There are two gas-diffusion systems currently available, both manufactured by H.W. Andersen Products, Inc. (Haw River, NC). One, the Sterijet system, is designed for large-scale production; the other, the EOGas system, is best suited for health-care and small-batch manufacturing.

The Sterijet processor combines a package sealer with an EtO-injection machine. Both the injection system and the sealer mechanism are validated to deliver an ethylene oxide shot and package seal of consistent and known parameters. The processor can be located near the device manufacturing area and operated continuously, sterilizing product as it comes out of final assembly.

Products to be sterilized must first either be packaged in a breathable sterile barrier package or simply wrapped in a permeable material. The size of the process lot is not determined by the volume of a chamber, as it would be in an industrial vessel. With a gas-diffusion system, the manufacturer can either wait to build standard size product lots, sterilize individual devices or small batches, or process continuously. The steel vacuum/pressure vessel is replaced by a plastic bag, typically of low-density polyethylene (LDPE) film. The bag, by analogy, represents the chamber as defined in ISO 11135.

Figure 1. An LDPE bag shrinks around the inner sterile product as EtO diffuses out of the package.

Forced preconditioning of the products through storage in heated rooms under conditions of high humidity is unnecessary with gas-diffusion technology. Facilities need only keep workspace humidity and temperature above 40% and 70°F to allow continuous processing of the products as they leave the assembly line. Workspace temperature and humidity control can be achieved through a combination of steam injection, when necessary, and HVAC treatment.

In contrast to the natural prehumidification described above, product sterilized inside vacuum/pressure vessels is usually preconditioned at extreme conditions that differ markedly from those of the manufacturing environment. The potential danger is that secondary packaging can absorb elevated quantities of humidity during such preconditioning, and later during chamber steam injection, to the point that the moisture actually interferes with the final sterility assurance level (SAL) achieved by the cycle.2 Since gas-diffusion sterilization can be integrated into the manufacturing environment, the products can be continuously processed at the same conditions under which they were manufactured, thus avoiding climatic variations that cause condensation on product and packaging.

The sterilization process begins with placement of the finished product inside the LDPE bag.

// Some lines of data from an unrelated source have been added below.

Lemma parent_rel_gtE (a b : 'I_N) : b < a -> parent_rel a b = (0 < a) && (parent a == b).
Proof.
move=> ba; rewrite /parent_rel; case: (boolP (0 < b)) => /= b_gt0; last by rewrite orbF.
suff -> : (parent b == a) = false by rewrite orbF.
by apply/negbTE; rewrite neq_ltn (ltn_trans (parent_lt b_gt0) ba).
Qed.

Lemma connect_parent_rel0 (a : 'I_N) : connect parent_rel a ord0.
Proof.
elim: {a}(a : nat) {-2}a (leqnn a) => [|k IH] a a_le.
  by have -> : a = ord0 by apply: val_inj => /=; lia.
case: (posnP a) => [a0|a_gt0]; first by have -> : a = ord0 by exact: val_inj.
have pa_lt := parent_lt a_gt0.
have pa_N : parent a < N by apply: ltn_trans pa_lt _.
apply: (connect_trans (y := Ordinal pa_N)); last by apply: IH => /=; lia.
by apply: connect1; rewrite /parent_rel a_gt0 /= eqxx.
Qed.

(* A maximal vertex of a cycle would have both cycle neighbours as parent. *)
Lemma parent_rel_acyclic (c : seq 'I_N) :
  uniq c -> 2 < size c -> ~~ cycle parent_rel c.
Proof.
move=> c_uniq c_size; apply/negP => c_cycle.
have [x0 x0c] : exists x0, x0 \in c.
  by case: c c_size {c_uniq c_cycle} => // a c _; exists a; exact: mem_head.
have [x xc x_max] := @arg_maxnP _ x0 (mem c) val x0c.
have [i c' c_rot] := rot_to xc.
have xc'_uniq : uniq (x :: c') by rewrite -c_rot rot_uniq.
have lt_x y : y \in c' -> y < x.
  move=> yc'; have yc : y \in c by rewrite -(mem_rot i) c_rot inE yc' orbT.
  rewrite ltn_neqAle (x_max y yc : y <= x) andbT.
  apply: contraTneq yc' => /val_inj ->; by case/andP: xc'_uniq.
move: c_rot xc'_uniq lt_x; rewrite -(size_rot i) -(rot_cycle i) in c_size c_cycle.
case: c' => [|y c'] c_rot; first by rewrite c_rot in c_size.
case/lastP: c' c_rot => [|q z] c_rot; first by rewrite c_rot in c_size.
move=> xc'_uniq lt_x; move: c_cycle; rewrite c_rot /cycle /= rcons_path last_rcons.
case/and3P => /= exy _ ezx.
rewrite parent_rel_gtE ?lt_x ?mem_head // in exy.
have zc' : z \in y :: rcons q z by rewrite inE mem_rcons mem_head orbT.
rewrite parent_rel_sym parent_rel_gtE ?lt_x // in ezx.
case/andP: exy => _ /eqP pxy; case/andP: ezx => _ /eqP pxz.
have yz : y = z by apply: val_inj; rewrite /= -pxy -pxz.
by move: xc'_uniq; rewrite /= yz mem_rcons mem_head andbF.
Qed.

Lemma parent_rel_tree : is_tree parent_rel.
Proof.
split=> //; [exact: parent_rel_sym | exact: parent_rel_irr | | exact: parent_rel_acyclic].
move=> a b; apply: connect_trans (connect_parent_rel0 a) _.
by rewrite (sym_connect_sym parent_rel_sym); exact: connect_parent_rel0.
Qed.

Lemma deg_parent_rel (w : 'I_N) : deg parent_rel w = (0 < w) + count_mem (val w) ps.
Proof.
have split_rel y : (parent_rel w y : nat) =
    ((0 < w) && (parent w == y)) + ((0 < y) && (parent y == w)).
  rewrite /parent_rel; case: (boolP (_ && _)) => [/andP [w_gt0 /eqP pw]|] //=.
  case: (boolP (_ && _)) => [/andP [y_gt0 /eqP py]|] //.
  by have := parent_lt w_gt0; have := parent_lt y_gt0; rewrite pw py; lia.
rewrite /deg -sum1_card big_mkcond /=.
rewrite (eq_bigr (fun y => nat_of_bool (parent_rel w y))) => [|y _]; last by rewrite inE.
under eq_bigr => y _ do rewrite split_rel.
rewrite big_split /=; congr (_ + _).
  case: (posnP w) => [w0|w_gt0]; first by rewrite big1 // => y _; rewrite w0.
  have pw_N : parent w < N by apply: ltn_trans (parent_lt w_gt0) _.
  rewrite (bigD1 (Ordinal pw_N)) //= eqxx big1 // => y /eqP y_pw.
  by case: eqP => // pw; case: y_pw; exact: val_inj.
rewrite big_ord_recl /= add0n -sum1_count (big_nth 0) big_mkord [RHS]big_mkcond.
by apply: eq_bigr => i _ /=; case: (nth 0 ps i == w).
Qed.

End ParentTree.

Definition neg_deg m (e s : rel 'I_m) (w : 'I_m) := #|[set y | e w y && ~~ s w y]|.

Lemma sdeg_neg_deg m (e s : rel 'I_m) w :
  sdeg e s w = ((deg e w)%:Z - 2 * (neg_deg e s w)%:Z)%R.
Proof.
have -> : deg e w = #|[set y | e w y && s w y]| + neg_deg e s w.
  rewrite /deg -(cardsID [set y | s w y]).
  by congr (_ + _); apply: eq_card => y; rewrite !inE // andbC.
by rewrite /sdeg /neg_deg; lia.
Qed.

Section Caterpillar.
Variables (n : nat) (k : 'I_n -> nat).

(* A path [0 - 1 - ... - n+3] with [k i] leaves hanging from vertex [i + 3]. *)
Definition leaf_parents := flatten [seq nseq (k i) (i + 3) | i <- enum 'I_n].
Definition caterpillar_parents := iota 0 (n + 3) ++ leaf_parents.
Local Notation N := (size caterpillar_parents).+1.

Lemma leaf_parents_lt t : t \in leaf_parents -> t < n + 3.
Proof.
case/flattenP => _ /mapP [i _ ->]; rewrite mem_nseq => /andP [_ /eqP ->].
by rewrite ltn_add2r.
Qed.

Lemma caterpillar_parents_le j : nth 0 caterpillar_parents j <= j.
Proof.
rewrite nth_cat size_iota; case: ltnP => [j_lt|j_ge]; first by rewrite nth_iota.
case: (ltnP (j - (n + 3)) (size leaf_parents)) => [lt_size|ge_size].
  exact: leq_trans (ltnW (leaf_parents_lt (mem_nth 0 lt_size))) j_ge.
by rewrite nth_default.
Qed.

Lemma count_leaf_parents w : count_mem w leaf_parents = \sum_(i < n) (i + 3 == w) * k i.
Proof.
rewrite count_flatten -map_comp sumnE big_map big_enum /=.
by apply: eq_bigr => i _; rewrite count_nseq.
Qed.

Lemma size_caterpillar_parents : size caterpillar_parents = n + 3 + \sum_(i < n) k i.
Proof.
rewrite size_cat size_iota size_flatten /shape -map_comp sumnE big_map big_enum /=.
by congr (_ + _); apply: eq_bigr => i _; rewrite size_nseq.
Qed.

Definition caterpillar : rel 'I_N := @parent_rel caterpillar_parents.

One LDPE bag can contain a single product, such as a large custom surgical kit, or small multiple units, such as sutures. Multipacks can be double wrapped, with each product individually sealed into its own primary packaging. The quality of the packaging is strictly controlled to ensure consistent gas permeation characteristics. The size of the LDPE bag is tailored to the physical characteristics of the product to be sterilized (Figure 1).

The mouth of the LDPE bag is placed onto the injector processor between the jaws of the processor. After the jaws close, the processor removes the excess air from the LDPE bag. The processor then injects a preprogrammed amount, or gas shot, of vaporized EtO. The nozzle then automatically withdraws and the LDPE bag is heat sealed. The size of each gas shot is measured by a mass flowmeter and verified by recording the critical operating parameters of gas pressure, temperature, and inject time. The time, processing sequence number, and EtO mass of each gas shot is recorded on a printed label that is used to track individual packages.

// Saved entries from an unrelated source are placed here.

(* Assume $\rho_\alpha^{\mathrm{dir}}<1$, let $\theta^\star$ be the unique projected Bellman fixed point, and let $x_k:=\theta_k-\theta^\star$. Fix $\varepsilon>0$ with $\beta_\varepsilon:=\rho_\alpha^{\mathrm{dir}}+\varepsilon<1$, and let $p_\varepsilon$ and $C_\varepsilon$ be as described in the context. Then for every $k\ge0$, \[ \mathbb E[p_\varepsilon(w_k)\mid\mathcal F_k]\le2\sqrt{C_\varepsilon}\,\phi_{\max}\big(R_{\max}+(1+\gamma)\|\Phi\theta^\star\|_\infty\big)+2\sqrt{C_\varepsilon}(1+\gamma)\phi_{\max}^2\,p_\varepsilon(x_k). \]
   Context: Consider a finite discounted MDP with state space $\mathcal S=\{1,\dots,|\mathcal S|\}$, action space $\mathcal A=\{1,\dots,|\mathcal A|\}$, transition probabilities $P(s'\mid s,a)$, real rewards $r(s,a,s')$, expected reward $R(s,a)=\sum_{s'}P(s'\mid s,a)r(s,a,s')$, and discount factor $\gamma\in(0,1)$. Let $R_{\max}:=\max|r(s,a,s')|$. State-action vectors are ordered as $(1,1),(2,1),\dots,(|\mathcal S|,1),(1,2),\dots$. The matrix $P$ has rows $P(\cdot\mid s,a)$, and $R$ has entries $R(s,a)$. The set $\Theta$ is the set of deterministic stationary policies $\pi:\mathcal S\to\mathcal A$. For $\pi\in\Theta$, $\Pi^\pi$ has entry $1$ at row $s$, column $(s,\pi(s))$, and zeros elsewhere. The feature matrix $\Phi$ has full column rank and rows $\phi(s,a)^\top$. Let $\phi_{\max}:=\max\|\phi(s,a)\|_2$, and define $V_\theta(s):=\max_a\phi(s,a)^\top\theta$. The distribution $d>0$ on $\mathcal S\times\mathcal A$ gives $D=\mathrm{diag}(d)$. The step size is $\alpha\in(0,1)$. Define $g(\theta):=\Phi^\top D(R+\gamma PV_\theta-\Phi\theta)$; a projected Bellman fixed point is a $\theta^\star$ with $g(\theta^\star)=0$. Define $A_\pi:=I-\alpha\Phi^\top D\Phi+\alpha\gamma\Phi^\top DP\Pi^\pi\Phi$, and let $\rho_\alpha^{\mathrm{dir}}$ be the joint spectral radius $\lim_k\max_{\pi_i\in\Theta}\|A_{\pi_k}\cdots A_{\pi_1}\|^{1/k}$. When $\rho_\alpha^{\mathrm{dir}}<1$, a unique projected Bellman fixed point exists. Lyapunov norm: define \[ V_\varepsilon^\infty(x):=\lim_{t\to\infty}\sum_{\ell=0}^t\beta_\varepsilon^{-2\ell}\max_{\pi_1,\dots,\pi_\ell\in\Theta}\|A_{\pi_\ell}\cdots A_{\pi_1}x\|_2^2, \] where the $\ell=0$ term is $\|x\|_2^2$, and $p_\varepsilon:=\sqrt{V_\varepsilon^\infty}$ (a norm). Let $C_\varepsilon\ge1$ satisfy $\|x\|_2^2\le V^\infty_\varepsilon(x)\le C_\varepsilon\|x\|_2^2$ for all $x$. i.i.d. sampling: $\theta_0$ is deterministic. At each time $k$, $(s_k,a_k)$ is drawn i.i.d. from $d$, $s'_k\sim P(\cdot\mid s_k,a_k)$, and $r_{k+1}=r(s_k,a_k,s'_k)$. The filtration is $\mathcal F_0=\sigma(\theta_0)$ and $\mathcal F_k=\sigma(\theta_0,\{(s_t,a_t,s'_t,r_{t+1}):t\le k-1\})$. Define $\widehat g_k(\theta):=\phi(s_k,a_k)(r_{k+1}+\gamma\max_u\phi(s'_k,u)^\top\theta-\phi(s_k,a_k)^\top\theta)$, the update $\theta_{k+1}=\theta_k+\alpha\widehat g_k(\theta_k)$, and $w_k:=\widehat g_k(\theta_k)-g(\theta_k)$. *)

From HB Require Import structures.
From mathcomp Require Import all_boot all_order all_algebra.
From mathcomp Require Import all_classical all_reals all_analysis.
Set Implicit Arguments. Unset Strict Implicit. Unset Printing Implicit Defensive.
Import Order.TTheory GRing.Theory Num.Theory.
Import numFieldNormedType.Exports.
Local Open Scope classical_set_scope.
Local Open Scope ring_scope.

Section Defs.
Context {R : realType}.

Definition vnorm2 n (x : 'cV[R]_n) : R := Num.sqrt (\sum_i (x i ord0) ^+ 2).
Definition dotv n (u v : 'cV[R]_n) : R := \sum_i u i ord0 * v i ord0.

Definition opnorm n (M : 'M[R]_n) : R :=
  sup [set vnorm2 (M *m x) | x in [set x : 'cV[R]_n | vnorm2 x <= 1]].

(* States S = 'I_nS.+1, actions A = 'I_nA.+1 (finite, nonempty).
   phi s a : feature vector phi(s,a) (row (s,a) of Phi, as a column vector),
   P s a s' = P(s'|s,a), r s a s' = r(s,a,s'), d s a = d(s,a). *)
Variables (nS nA nF : nat).
Local Notation S := 'I_nS.+1.
Local Notation A := 'I_nA.+1.
Local Notation vec := 'cV[R]_nF.

Definition sample := (S * A * S)%type.
Definition policy := {ffun S -> A}.

Section Model.
Variables (P : S -> A -> S -> R) (r : S -> A -> S -> R) (gamma : R)
          (phi : S -> A -> vec) (d : S -> A -> R) (alpha : R).

Definition Qval (th : vec) s a : R := dotv (phi s a) th.
Definition Vth (th : vec) (s : S) : R := \big[Num.max/Qval th s ord0]_(u : A) Qval th s u.
Definition Rexp s a : R := \sum_(s' : S) P s a s' * r s a s'.

(* g(theta) = Phi^T D (R + gamma P V_theta - Phi theta), written out entrywise
   over state-action pairs (D diagonal). *)
Definition gbar (th : vec) : vec :=
  \sum_(s : S) \sum_(a : A)
     (d s a * (Rexp s a + gamma * (\sum_(s' : S) P s a s' * Vth th s') - Qval th s a))
       *: phi s a.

As they are filled, evacuated, and injected with sterilant, the bags are transferred to a temperature-controlled room with engineered ventilation. The sealed bags contain only air trapped within the product and packaging, so that the contents are not flammable. Moreover, each bag contains very little EtO gas, typically less than 10 g. At this point, the hot cell fulfills the function of the traditional sterilizer chamber by providing heat for both the diffusion and sterilization process. Through forced ventilation, the hot cell eliminates the EtO as it elutes from the LDPE bag. As aeration progresses and EtO diffuses out of the package, the LDPE bag begins to exhibit a skintight, vacuum-packed appearance as it shrinks around the inner sterile product (Figure 1). The vacuum-tight package not only offers more protection against damage due to shifting during shipment, but also offers the user a visual assurance of package integrity. Loose fit of the LDPE bag after processing would indicate that the package seal had been violated.

THE GAS-DIFFUSION PROCESS

The transmission of EtO across a permeable membrane depends upon several factors, including the following:

  • The temperature of the gas and of the barrier.

  • The type, thickness, composition, and crystallinity of the barrier.

  • The area exposed to the transmission.

  • The concentration gradient that exists across the barrier.

  • The pressure gradient across the barrier.3

When EtO gas is injected between the inside of the LDPE bag and the outside of the porous packaging containing the product, it gradually diffuses through the porous membrane and contacts all accessible surfaces of the product. Two important physical forces drive the sterilant across the packaging and allow the process gases to contact the product's bioburden. The first is the slight pressure gradient created by the gas injection. The second and most important factor is the concentration gradient across the barrier.

In the open sterilizer bag, the inside pressure is the same as the atmospheric pressure of the workplace. When excess air is removed by the Sterijet processor, the effective pressure inside the bag is lowered. The injection of EtO into the LDPE bag introduces a pressure gradient across the sterile barrier package, thus driving EtO toward the product. This is analogous to the chamber dynamics of an industrial vacuum/pressure vessel. As the chamber headspace is evacuated, air is drawn out of each individual product package. A negative pressure equilibrium between individual product and the headspace follows. When the vaporized EtO is added, the chamber headspace pressure is greater than that of each product. This pressure gradient drives the gas into the product.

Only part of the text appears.